Please copy out the entries below exactly, beginning with the line that contains "exists s1, s2. repeat split; lra." and ending with the line that contains "assert (HA : A", and include nothing outside that span.
────────────────────
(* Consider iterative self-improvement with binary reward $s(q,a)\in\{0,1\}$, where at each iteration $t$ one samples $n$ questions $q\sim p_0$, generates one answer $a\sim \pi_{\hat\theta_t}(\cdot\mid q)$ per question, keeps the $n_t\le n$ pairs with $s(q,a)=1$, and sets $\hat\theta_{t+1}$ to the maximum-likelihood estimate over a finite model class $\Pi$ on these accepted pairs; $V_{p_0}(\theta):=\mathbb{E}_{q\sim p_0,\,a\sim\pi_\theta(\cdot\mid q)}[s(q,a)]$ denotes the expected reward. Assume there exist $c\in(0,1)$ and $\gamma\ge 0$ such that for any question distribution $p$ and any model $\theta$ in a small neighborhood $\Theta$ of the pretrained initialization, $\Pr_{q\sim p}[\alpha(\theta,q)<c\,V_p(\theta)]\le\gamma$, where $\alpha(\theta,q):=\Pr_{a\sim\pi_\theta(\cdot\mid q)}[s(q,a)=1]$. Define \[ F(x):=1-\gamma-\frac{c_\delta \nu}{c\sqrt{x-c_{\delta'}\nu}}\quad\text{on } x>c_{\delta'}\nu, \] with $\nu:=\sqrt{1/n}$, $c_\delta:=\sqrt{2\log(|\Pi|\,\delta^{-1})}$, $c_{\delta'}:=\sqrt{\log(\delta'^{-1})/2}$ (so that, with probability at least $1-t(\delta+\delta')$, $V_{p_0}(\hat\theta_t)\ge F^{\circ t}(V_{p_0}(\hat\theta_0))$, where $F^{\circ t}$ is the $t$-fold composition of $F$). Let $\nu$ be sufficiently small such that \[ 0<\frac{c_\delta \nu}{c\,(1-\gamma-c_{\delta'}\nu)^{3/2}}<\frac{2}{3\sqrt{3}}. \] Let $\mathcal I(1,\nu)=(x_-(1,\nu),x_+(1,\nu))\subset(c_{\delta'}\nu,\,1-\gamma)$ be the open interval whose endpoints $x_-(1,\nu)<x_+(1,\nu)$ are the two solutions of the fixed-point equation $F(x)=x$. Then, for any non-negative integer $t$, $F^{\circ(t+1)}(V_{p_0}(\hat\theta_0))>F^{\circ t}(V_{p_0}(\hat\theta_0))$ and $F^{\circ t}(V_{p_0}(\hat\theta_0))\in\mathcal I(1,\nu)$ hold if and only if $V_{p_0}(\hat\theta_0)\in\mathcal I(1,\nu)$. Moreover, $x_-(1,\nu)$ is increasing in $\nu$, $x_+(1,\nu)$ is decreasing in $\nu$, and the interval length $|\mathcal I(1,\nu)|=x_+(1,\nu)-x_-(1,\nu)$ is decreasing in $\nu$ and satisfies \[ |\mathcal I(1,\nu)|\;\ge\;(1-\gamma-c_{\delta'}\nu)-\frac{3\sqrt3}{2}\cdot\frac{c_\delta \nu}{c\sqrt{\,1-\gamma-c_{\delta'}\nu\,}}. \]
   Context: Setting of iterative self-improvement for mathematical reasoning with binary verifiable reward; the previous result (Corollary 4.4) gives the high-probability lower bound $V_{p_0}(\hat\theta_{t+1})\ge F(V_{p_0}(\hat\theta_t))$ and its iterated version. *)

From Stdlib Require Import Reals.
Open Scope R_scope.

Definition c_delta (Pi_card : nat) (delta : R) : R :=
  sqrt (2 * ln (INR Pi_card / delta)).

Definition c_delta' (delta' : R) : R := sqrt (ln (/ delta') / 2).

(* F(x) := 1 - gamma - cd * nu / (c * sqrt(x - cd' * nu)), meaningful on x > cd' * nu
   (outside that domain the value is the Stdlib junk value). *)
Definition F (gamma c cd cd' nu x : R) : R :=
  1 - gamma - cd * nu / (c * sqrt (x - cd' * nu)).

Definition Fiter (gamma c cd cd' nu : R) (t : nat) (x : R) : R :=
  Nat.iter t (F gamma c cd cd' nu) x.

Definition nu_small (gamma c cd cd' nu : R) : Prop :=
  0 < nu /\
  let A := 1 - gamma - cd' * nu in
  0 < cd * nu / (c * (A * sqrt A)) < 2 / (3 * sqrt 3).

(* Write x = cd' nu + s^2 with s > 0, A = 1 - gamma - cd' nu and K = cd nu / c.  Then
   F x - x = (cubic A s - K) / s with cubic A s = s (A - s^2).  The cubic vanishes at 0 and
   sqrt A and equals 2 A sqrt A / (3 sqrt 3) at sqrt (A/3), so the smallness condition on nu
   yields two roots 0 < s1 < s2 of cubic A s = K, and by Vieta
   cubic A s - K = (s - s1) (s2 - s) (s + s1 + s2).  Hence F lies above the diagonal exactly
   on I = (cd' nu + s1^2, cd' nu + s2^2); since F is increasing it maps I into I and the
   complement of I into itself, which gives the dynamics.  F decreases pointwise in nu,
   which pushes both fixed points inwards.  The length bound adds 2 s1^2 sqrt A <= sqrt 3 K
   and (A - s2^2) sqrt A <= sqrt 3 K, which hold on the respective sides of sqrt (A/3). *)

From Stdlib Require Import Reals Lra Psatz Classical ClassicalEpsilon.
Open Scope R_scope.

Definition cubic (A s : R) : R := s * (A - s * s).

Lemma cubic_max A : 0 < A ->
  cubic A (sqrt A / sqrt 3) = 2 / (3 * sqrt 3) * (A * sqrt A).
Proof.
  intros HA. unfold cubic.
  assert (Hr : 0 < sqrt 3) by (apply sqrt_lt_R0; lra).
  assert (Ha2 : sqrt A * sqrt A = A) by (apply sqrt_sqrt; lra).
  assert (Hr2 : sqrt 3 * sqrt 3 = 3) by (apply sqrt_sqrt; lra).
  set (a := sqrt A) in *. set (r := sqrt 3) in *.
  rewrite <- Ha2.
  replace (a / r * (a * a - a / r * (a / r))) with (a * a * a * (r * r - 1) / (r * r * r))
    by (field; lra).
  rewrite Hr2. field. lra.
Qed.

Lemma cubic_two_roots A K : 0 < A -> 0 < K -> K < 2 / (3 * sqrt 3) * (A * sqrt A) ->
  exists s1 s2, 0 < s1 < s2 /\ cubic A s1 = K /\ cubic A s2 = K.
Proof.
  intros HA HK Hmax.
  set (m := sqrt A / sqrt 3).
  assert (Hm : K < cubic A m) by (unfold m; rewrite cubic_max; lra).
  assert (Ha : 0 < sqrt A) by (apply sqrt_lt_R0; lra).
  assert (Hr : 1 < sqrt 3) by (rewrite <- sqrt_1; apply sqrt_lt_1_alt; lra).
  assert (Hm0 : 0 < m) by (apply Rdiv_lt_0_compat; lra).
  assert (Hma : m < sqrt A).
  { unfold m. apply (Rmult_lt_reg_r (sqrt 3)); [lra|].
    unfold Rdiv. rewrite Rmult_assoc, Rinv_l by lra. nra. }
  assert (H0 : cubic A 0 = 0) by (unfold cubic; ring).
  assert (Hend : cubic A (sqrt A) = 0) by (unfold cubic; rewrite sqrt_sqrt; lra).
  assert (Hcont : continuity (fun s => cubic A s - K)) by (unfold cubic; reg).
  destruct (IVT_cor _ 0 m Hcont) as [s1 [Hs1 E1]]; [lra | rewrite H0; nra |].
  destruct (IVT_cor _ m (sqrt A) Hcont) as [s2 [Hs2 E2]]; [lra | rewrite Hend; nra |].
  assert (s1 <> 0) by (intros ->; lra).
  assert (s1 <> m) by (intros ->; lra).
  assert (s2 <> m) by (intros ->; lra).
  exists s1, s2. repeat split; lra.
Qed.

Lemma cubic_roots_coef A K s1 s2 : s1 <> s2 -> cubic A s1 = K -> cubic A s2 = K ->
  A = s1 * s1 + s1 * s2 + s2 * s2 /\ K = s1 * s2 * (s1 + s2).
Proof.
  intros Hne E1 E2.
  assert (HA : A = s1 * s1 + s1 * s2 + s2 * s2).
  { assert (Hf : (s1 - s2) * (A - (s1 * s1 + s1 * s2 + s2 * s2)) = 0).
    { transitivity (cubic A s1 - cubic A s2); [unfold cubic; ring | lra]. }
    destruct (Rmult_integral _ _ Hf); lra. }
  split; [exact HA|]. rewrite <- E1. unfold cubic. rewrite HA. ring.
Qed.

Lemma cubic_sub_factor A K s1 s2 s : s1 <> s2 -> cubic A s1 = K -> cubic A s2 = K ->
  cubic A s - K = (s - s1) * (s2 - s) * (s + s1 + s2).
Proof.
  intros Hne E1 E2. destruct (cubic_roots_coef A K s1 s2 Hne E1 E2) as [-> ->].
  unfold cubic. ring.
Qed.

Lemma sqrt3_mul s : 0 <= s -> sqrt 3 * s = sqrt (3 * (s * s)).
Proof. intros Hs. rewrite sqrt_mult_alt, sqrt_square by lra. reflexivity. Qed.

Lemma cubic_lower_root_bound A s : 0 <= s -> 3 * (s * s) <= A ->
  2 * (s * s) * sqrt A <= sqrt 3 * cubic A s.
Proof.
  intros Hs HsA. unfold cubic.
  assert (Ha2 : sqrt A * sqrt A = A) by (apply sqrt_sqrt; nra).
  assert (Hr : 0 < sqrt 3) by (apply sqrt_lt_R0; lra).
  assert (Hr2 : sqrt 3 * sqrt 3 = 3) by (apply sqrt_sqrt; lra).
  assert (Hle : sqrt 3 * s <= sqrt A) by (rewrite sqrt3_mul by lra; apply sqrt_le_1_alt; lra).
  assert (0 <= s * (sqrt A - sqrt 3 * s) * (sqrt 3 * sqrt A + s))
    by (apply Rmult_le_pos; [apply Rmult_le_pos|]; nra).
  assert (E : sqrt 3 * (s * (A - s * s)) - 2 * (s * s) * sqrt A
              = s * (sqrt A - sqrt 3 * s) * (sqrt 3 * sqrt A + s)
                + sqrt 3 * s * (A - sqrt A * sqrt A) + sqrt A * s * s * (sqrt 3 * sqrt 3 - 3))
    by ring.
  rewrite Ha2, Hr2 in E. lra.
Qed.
────────────────────
• **Solution for this problem**:
  exists s1, s2. repeat split; lra.
Qed.

Lemma cubic_roots_coef A K s1 s2 : s1 <> s2 -> cubic A s1 = K -> cubic A s2 = K ->
  A = s1 * s1 + s1 * s2 + s2 * s2 /\ K = s1 * s2 * (s1 + s2).
Proof.
  intros Hne E1 E2.
  assert (HA : A = s1 * s1 + s1 * s2 + s2 * s2).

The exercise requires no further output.